▸ ACTIVITY:
Find and copy each line of the records where the string "which" shows up.
╭─ INPUT DATA
(* Let $\mathcal{A}$ be a finite set of hyperplanes through $0$ in a complex vector space $V_{\mathbb{C}}$, let $H\in\mathcal{A}$, and let $\sigma$ be an ordering of $\mathcal{A}$ compatible with $H$. Then for every $k\ge 1$, $$\mathrm{BCB}^k_\sigma(\mathcal{A})=\mathrm{BCB}^k_{\sigma\setminus H}(\mathcal{A}\setminus\{H\})\ \cup\ \big\{(l_\sigma(K_1),\dots,l_\sigma(K_{k-1}),H)\ :\ (K_1,\dots,K_{k-1})\in \mathrm{BCB}^{k-1}_{\sigma|H}(\mathcal{A}|H)\big\}.$$
   Context: For an arrangement $\mathcal{B}$ (finite set of hyperplanes through $0$ in a vector space), a set of its hyperplanes is independent if their defining linear forms (on the ambient space of $\mathcal{B}$) are linearly independent; $\mathrm{Or}^k(\mathcal{B})$ is the set of ordered independent $k$-tuples of elements of $\mathcal{B}$; an ordering is a bijection $\tau:\mathcal{B}\to\{1,\dots,|\mathcal{B}|\}$; and $\mathrm{BCB}^k_\tau(\mathcal{B})$ is the set of $S=(H_1,\dots,H_k)\in\mathrm{Or}^k(\mathcal{B})$ with $\tau(H_1)<\dots<\tau(H_k)$ such that for every $G\in\mathcal{B}$ not among the $H_i$, the set $\{G\}\cup\{H_i:\tau(H_i)>\tau(G)\}$ is independent. By convention $\mathrm{BCB}^0$ consists of the empty tuple. Given $H\in\mathcal{A}$: $\mathcal{A}\setminus\{H\}$ is the deleted arrangement in $V_{\mathbb{C}}$; $\mathcal{A}|H=\{H'\cap H: H'\in\mathcal{A}\setminus\{H\}\}$ is the arrangement of hyperplanes in $H$ (as a set of distinct subspaces); $\pi:\mathcal{A}\setminus\{H\}\to\mathcal{A}|H$, $H'\mapsto H'\cap H$. An ordering $\sigma$ of $\mathcal{A}$ is compatible with $H$ if (1) $\sigma(H)=|\mathcal{A}|$ and (2) whenever $H_1\cap H=H_3\cap H$ and $\sigma(H_1)<\sigma(H_2)<\sigma(H_3)$, then $H_1\cap H=H_2\cap H$. Then $\sigma\setminus H$ is the restriction of the order $\sigma$ to $\mathcal{A}\setminus\{H\}$, $\sigma|H$ is the induced ordering of $\mathcal{A}|H$ (well defined because by (2) each fiber of $\pi$ is an interval for $\sigma$; $K<K'$ iff the fiber over $K$ precedes the fiber over $K'$), and $l_\sigma:\mathcal{A}|H\to\mathcal{A}\setminus\{H\}$ sends $K$ to the element $H''$ with $\pi(H'')=K$ having the least $\sigma$-value. *)

From HB Require Import structures.
From mathcomp Require Import all_boot all_order all_algebra.
From mathcomp Require Import complex.
From mathcomp Require Import reals.
Set Implicit Arguments. Unset Strict Implicit. Unset Printing Implicit Defensive.
Import Order.TTheory GRing.Theory Num.Theory.
Local Open Scope ring_scope.
Lemma lineAct_line g u : lineAct g (line u) = line (u *m GLval g).
Proof.
rewrite /lineAct /line -imset_comp; apply: eq_imset => r /=.
by rewrite scalemxAl.
Qed.

Lemma unimodular_act (g : {'GL_2[R]}) u :
  unimodular u -> unimodular (u *m GLval g).
Proof.
case/existsP=> w /eqP Hw; apply/existsP; exists (invmx (GLval g) *m w).
rewrite !mulmxA -(mulmxA u) mulmxV; last by case: g => A HA; rewrite unitmxE -unitmxE; exact: HA.
by have -> : u *m 1%:M = u := mulmx1 u; rewrite Hw.
Qed.

Lemma lineAct_Tits g L : L \in Tits -> lineAct g L \in Tits.
Proof.
rewrite !inE => /existsP [u /andP [Hu /eqP ->]].
apply/existsP; exists (u *m GLval g); rewrite unimodular_act //=.
by rewrite lineAct_line.
Qed.

Lemma lineAct1 L : lineAct 1%g L = L.
Proof.
rewrite /lineAct GL_1E.
by rewrite (eq_imset _ (fun v => mulmx1 v)) imset_id.
Qed.

Lemma lineActM (g h : {'GL_2[R]}) L :
  lineAct (g * h)%g L = lineAct h (lineAct g L).
Proof.
rewrite /lineAct -imset_comp GL_MxE; apply: eq_imset => v /=.
by rewrite mulmxA.
Qed.

End Tits.

Section PermRep.
Variables (R : finComUnitRingType) (K : fieldType).

Definition permRep_mx (g : {'GL_2[R]}) : 'M[K]_(nTits R) :=
  \matrix_(i, j) ((lineAct g (enum_val i) == enum_val j)%:R).

Lemma permRep_mx_repr : mx_repr [set: {'GL_2[R]}] permRep_mx.
Proof.
split.
  apply/matrixP=> i j; rewrite !mxE lineAct1 (inj_eq enum_val_inj).
  by rewrite eq_sym.
move=> x y _ _; apply/matrixP=> i j; rewrite !mxE.
have Hx : lineAct x (enum_val i) \in Tits R by apply: lineAct_Tits; apply: enum_valP.
pose l0 := enum_rank_in Hx (lineAct x (enum_val i)).
have El0 : enum_val l0 = lineAct x (enum_val i) by rewrite enum_rankK_in.
rewrite (bigD1 l0) //= !mxE El0 eqxx mul1r big1 ?addr0; first by rewrite lineActM.
move=> l Hl; rewrite !mxE.
have -> : (lineAct x (enum_val i) == enum_val l) = false.
  by apply/negbTE; rewrite -El0 (inj_eq enum_val_inj) eq_sym.
by rewrite mul0r.
Qed.

Definition permRep : mx_representation K [set: {'GL_2[R]}] (nTits R) :=
  MxRepresentation permRep_mx_repr.

(* St^K_2(R): the kernel of the augmentation K[T_2(R)] -> K (sum of coordinates),
   as a subspace (row space) of K[T_2(R)] *)
Definition Steinberg : 'M[K]_(nTits R) := kermx (const_mx 1 : 'M[K]_(nTits R, 1)).
(* Let $T^4=\mathbb{R}^4/\mathbb{Z}^4$, and let $G$ be a constant Riemannian metric and $B$ a constant real 2-form on $T^4$ with all components $G_{IJ},B_{IJ}\in\mathbb{Q}$ (i.e. the $\mathcal N=(1,1)$ SCFT for $(T^4;G,B)$ is rational). Let $I$ be a polarizable constant complex structure on $T^4$ with which $G$ is compatible and such that the Hodge $(2,0)$ component of the class of $B$ (with respect to $I$) vanishes. Then there exists a primitive subgroup $\Gamma_f\subset H_1(T^4;\mathbb{Z})$ of rank $2$ such that the T-dual along $\Gamma_f$ has a geometric SYZ-mirror; that is, $\omega|_{\Gamma_f\otimes\mathbb{R}}=0$ and $B|_{\Gamma_f\otimes\mathbb{R}}=0$.
   Context: Coordinates $X^I$ normalized so that $H_1(T^4;\mathbb{Z})=\mathbb{Z}^4$ and $2\pi\sqrt{\alpha'}=1$; $G=G_{IJ}dX^I\otimes dX^J$, $B=\frac12B_{IJ}dX^I\wedge dX^J$. Compatible: $G(Iu,Iv)=G(u,v)$. Polarizable: some $\psi\in H^2(T^4;\mathbb{Z})\cap H^{1,1}$ has $\psi(I\cdot,\cdot)$ positive definite. Kähler form: $\omega=\frac12\omega_{IJ}dX^I\wedge dX^J$, $\omega_{IJ}=I^K{}_IG_{KJ}$. For a rank-2 primitive $\Gamma_f\subset H_1(T^4;\mathbb{Z})$ (so $H_1(T^4;\mathbb{Z})=\Gamma_f\oplus\Gamma_b$ for some $\Gamma_b$), string-theoretic T-duality along the fibers $\Gamma_f\otimes\mathbb{R}/\Gamma_f$ maps the SCFT with its $\mathcal N=(2,2)$ structure defined by $I$ to another torus SCFT; one says $(T^4;G,B;I)$ has a geometric SYZ-mirror along $\Gamma_f$ if the mirror $\mathcal N=(2,2)$ currents come from a complex structure on the T-dual torus. By a known result this holds iff $\omega$ and $B$ restrict to zero on $\Gamma_f\otimes\mathbb{R}$ (2-forms evaluated on pairs of vectors in $\Gamma_f\otimes\mathbb{R}$). *)

From HB Require Import structures.
From mathcomp Require Import all_boot all_order all_algebra.
From mathcomp Require Import reals.
Set Implicit Arguments. Unset Strict Implicit. Unset Printing Implicit Defensive.
Import Order.TTheory GRing.Theory Num.Theory.
Local Open Scope ring_scope.

(* Conventions: coordinates X^1..X^4 indexed by 'I_4; tangent vectors are
   column vectors 'cV[R]_4; a constant bilinear form with components A_{IJ}
   is the matrix A, evaluated as A(u,v) = A_{IJ} u^I v^J = u^T A v.
   The 2-form B = 1/2 B_{IJ} dX^I /\ dX^J evaluates as B(u,v) = u^T B v.
   A complex structure I is a matrix with (I u)^K = I^K_L u^L, I i j = I^i_j. *)

Definition bil (R : realType) (A : 'M[R]_4) (u v : 'cV[R]_4) : R :=
  (u^T *m A *m v) 0 0.

Definition is_metric (R : realType) (G : 'M[R]_4) : Prop :=
  G^T = G /\ forall u : 'cV[R]_4, u != 0 -> 0 < bil G u u.

Definition is_2form (R : realType) (B : 'M[R]_4) : Prop := B^T = - B.

Definition is_cplx_structure (R : realType) (I : 'M[R]_4) : Prop :=
  I *m I = - 1%:M.

Definition compatible (R : realType) (G I : 'M[R]_4) : Prop :=
  forall u v, bil G (I *m u) (I *m v) = bil G u v.

(* The (2,0) Hodge component of a real 2-form A w.r.t. I vanishes:
   A^{2,0}(u,v) = A(u^{1,0}, v^{1,0}) with u^{1,0} = (u - i I u)/2, and
   4 A(u - iIu, v - iIv) = [A(u,v) - A(Iu,Iv)] - i [A(Iu,v) + A(u,Iv)];
   we require both real and imaginary parts to vanish. *)
Definition hodge20_zero (R : realType) (I A : 'M[R]_4) : Prop :=
  forall u v,
    bil A u v - bil A (I *m u) (I *m v) = 0 /\
    bil A (I *m u) v + bil A u (I *m v) = 0.

Definition int_mx (R : realType) (m n : nat) (M : 'M[int]_(m, n)) : 'M[R]_(m, n) :=
  map_mx (fun z : int => z%:~R) M.

(* Polarizable: some integral 2-form psi (class in H^2(T^4;Z)) of Hodge type (1,1)
   with psi(I.,.) positive definite. *)
Definition polarizable (R : realType) (I : 'M[R]_4) : Prop :=
  exists psi : 'M[int]_4,
    is_2form (int_mx R psi) /\ hodge20_zero I (int_mx R psi) /\
    (forall u v, bil (int_mx R psi) (I *m u) v = bil (int_mx R psi) (I *m v) u) /\
    (forall u : 'cV[R]_4, u != 0 -> 0 < bil (int_mx R psi) (I *m u) u).

(* Kähler form: omega_{IJ} = I^K_I G_{KJ}, i.e. omega = I^T G. *)
Definition kahler_form (R : realType) (G I : 'M[R]_4) : 'M[R]_4 := I^T *m G.

Definition rational_mx (R : realType) (A : 'M[R]_4) : Prop :=
  forall i j, exists q : rat, A i j = ratr q.

Definition vanishes_on_span (R : realType) (A : 'M[R]_4) (f1 f2 : 'cV[R]_4) : Prop :=
  forall a b c d : R, bil A (a *: f1 + b *: f2) (c *: f1 + d *: f2) = 0.

From HB Require Import structures.
From mathcomp Require Import all_boot all_order all_algebra.
From mathcomp Require Import reals.
From mathcomp Require Import ring lra.
Import Order.TTheory GRing.Theory Num.Theory.
Set Implicit Arguments. Unset Strict Implicit. Unset Printing Implicit Defensive.
Local Open Scope ring_scope.

(* Scale G and B to integral matrices and let Q = adj(G) B and P = det(G) adj(G) psi:
   integral endomorphisms which are G-antiselfadjoint and commute with I.  If K is
   integral, G-selfadjoint, commutes with I and QK is G-antiselfadjoint, then
   omega(f, Kf) and B(f, Kf) vanish for every f, so when K is not scalar some integral
   f, Kf span a plane isotropic for both forms, and its saturation is Gamma_f.  This
   applies to K = Q^2, then to P^2 (if Q = 0) or PQ + QP.  If all of these are scalar,
   positivity of psi(I., .) forces I to be a multiple of P (if Q = 0) or of Q, so that
   omega and B are multiples of a single integral 2-form, which has an integral
   isotropic plane. *)

Section BilinearForms.
Variable R : realType.
Implicit Types (A K : 'M[R]_4) (u v : 'cV[R]_4).

Lemma int_mxM m n p (A : 'M[int]_(m, n)) (B : 'M[int]_(n, p)) :
  int_mx R (A *m B) = int_mx R A *m int_mx R B.
Proof. exact: map_mxM. Qed.

Lemma int_mxD m n (A B : 'M[int]_(m, n)) :
  int_mx R (A + B) = int_mx R A + int_mx R B.
Proof. exact: map_mxD. Qed.

Lemma int_mxZ m n (a : int) (X : 'M[int]_(m, n)) :
  int_mx R (a *: X) = a%:~R *: int_mx R X.
Proof. by apply/matrixP => i j; rewrite !mxE rmorphM. Qed.

Lemma int_mx_col m n (j : 'I_n) (X : 'M[int]_(m, n)) :
  int_mx R (col j X) = col j (int_mx R X).
Proof. exact: map_col. Qed.

Lemma int_mx_scalar n (a : int) : int_mx R (a%:M : 'M_n) = (a%:~R)%:M.
Proof. exact: map_scalar_mx. Qed.

Lemma int_mx_eq0 m n (X : 'M[int]_(m, n)) : (int_mx R X == 0) = (X == 0).
Proof.
apply/eqP/eqP => [/matrixP X0|->]; last by rewrite /int_mx map_mx0.
by apply/matrixP => i j; move: (X0 i j); rewrite !mxE => /eqP; rewrite intr_eq0 => /eqP.
Qed.

Lemma bilDl A u1 u2 v : bil A (u1 + u2) v = bil A u1 v + bil A u2 v.
Proof. by rewrite /bil linearD /= !mulmxDl mxE. Qed.

Lemma bilDr A u v1 v2 : bil A u (v1 + v2) = bil A u v1 + bil A u v2.
Proof. by rewrite /bil !mulmxDr mxE. Qed.

Lemma bilZl A a u v : bil A (a *: u) v = a * bil A u v.
Proof. by rewrite /bil linearZ /= -!scalemxAl mxE. Qed.

Lemma bilZr A a u v : bil A u (a *: v) = a * bil A u v.
Proof. by rewrite /bil -!scalemxAr mxE. Qed.

Lemma bilNr A u v : bil A u (- v) = - bil A u v.
Proof. by rewrite /bil mulmxN mxE. Qed.

Lemma bil0r A u : bil A u 0 = 0.
Proof. by rewrite /bil mulmx0 mxE. Qed.

Lemma bilmxZ A a u v : bil (a *: A) u v = a * bil A u v.
Proof. by rewrite /bil -scalemxAr -scalemxAl mxE. Qed.

Lemma bilmxN A u v : bil (- A) u v = - bil A u v.
Proof. by rewrite /bil mulmxN mulNmx mxE. Qed.

Lemma bilmxD A K u v : bil (A + K) u v = bil A u v + bil K u v.
Proof. by rewrite /bil mulmxDr mulmxDl mxE. Qed.

Lemma bilmxB A K u v : bil (A - K) u v = bil A u v - bil K u v.
Proof. by rewrite bilmxD bilmxN. Qed.

Lemma bil_mulmxr A K u v : bil A u (K *m v) = bil (A *m K) u v.
Proof. by rewrite /bil !mulmxA. Qed.

Lemma bil_mulmxl A K u v : bil A (K *m u) v = bil (K^T *m A) u v.
Proof. by rewrite /bil trmx_mul !mulmxA. Qed.

Lemma bil_trmx A u v : bil A u v = bil A^T v u.
Proof.
have -> : bil A u v = ((u^T *m A *m v)^T) 0 0 by rewrite /bil [RHS]mxE.
by rewrite /bil !trmx_mul trmxK mulmxA.
Qed.

Lemma bil_alt A u : is_2form A -> bil A u u = 0.
Proof.
move=> hA; have := bil_trmx A u u; rewrite hA bilmxN; lra.
Qed.

Lemma bil_antisym A u v : is_2form A -> bil A v u = - bil A u v.
Proof. by move=> hA; rewrite bil_trmx hA bilmxN. Qed.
╰─
▸ WORKED SOLUTION:
(* Let $T^4=\mathbb{R}^4/\mathbb{Z}^4$, and let $G$ be a constant Riemannian metric and $B$ a constant real 2-form on $T^4$ with all components $G_{IJ},B_{IJ}\in\mathbb{Q}$ (i.e. the $\mathcal N=(1,1)$ SCFT for $(T^4;G,B)$ is rational). Let $I$ be a polarizable constant complex structure on $T^4$ with which $G$ is compatible and such that the Hodge $(2,0)$ component of the class of $B$ (with respect to $I$) vanishes. Then there exists a primitive subgroup $\Gamma_f\subset H_1(T^4;\mathbb{Z})$ of rank $2$ such that the T-dual along $\Gamma_f$ has a geometric SYZ-mirror; that is, $\omega|_{\Gamma_f\otimes\mathbb{R}}=0$ and $B|_{\Gamma_f\otimes\mathbb{R}}=0$.
   integral endomorphisms which are G-antiselfadjoint and commute with I.  If K is
   omega and B are multiples of a single integral 2-form, which has an integral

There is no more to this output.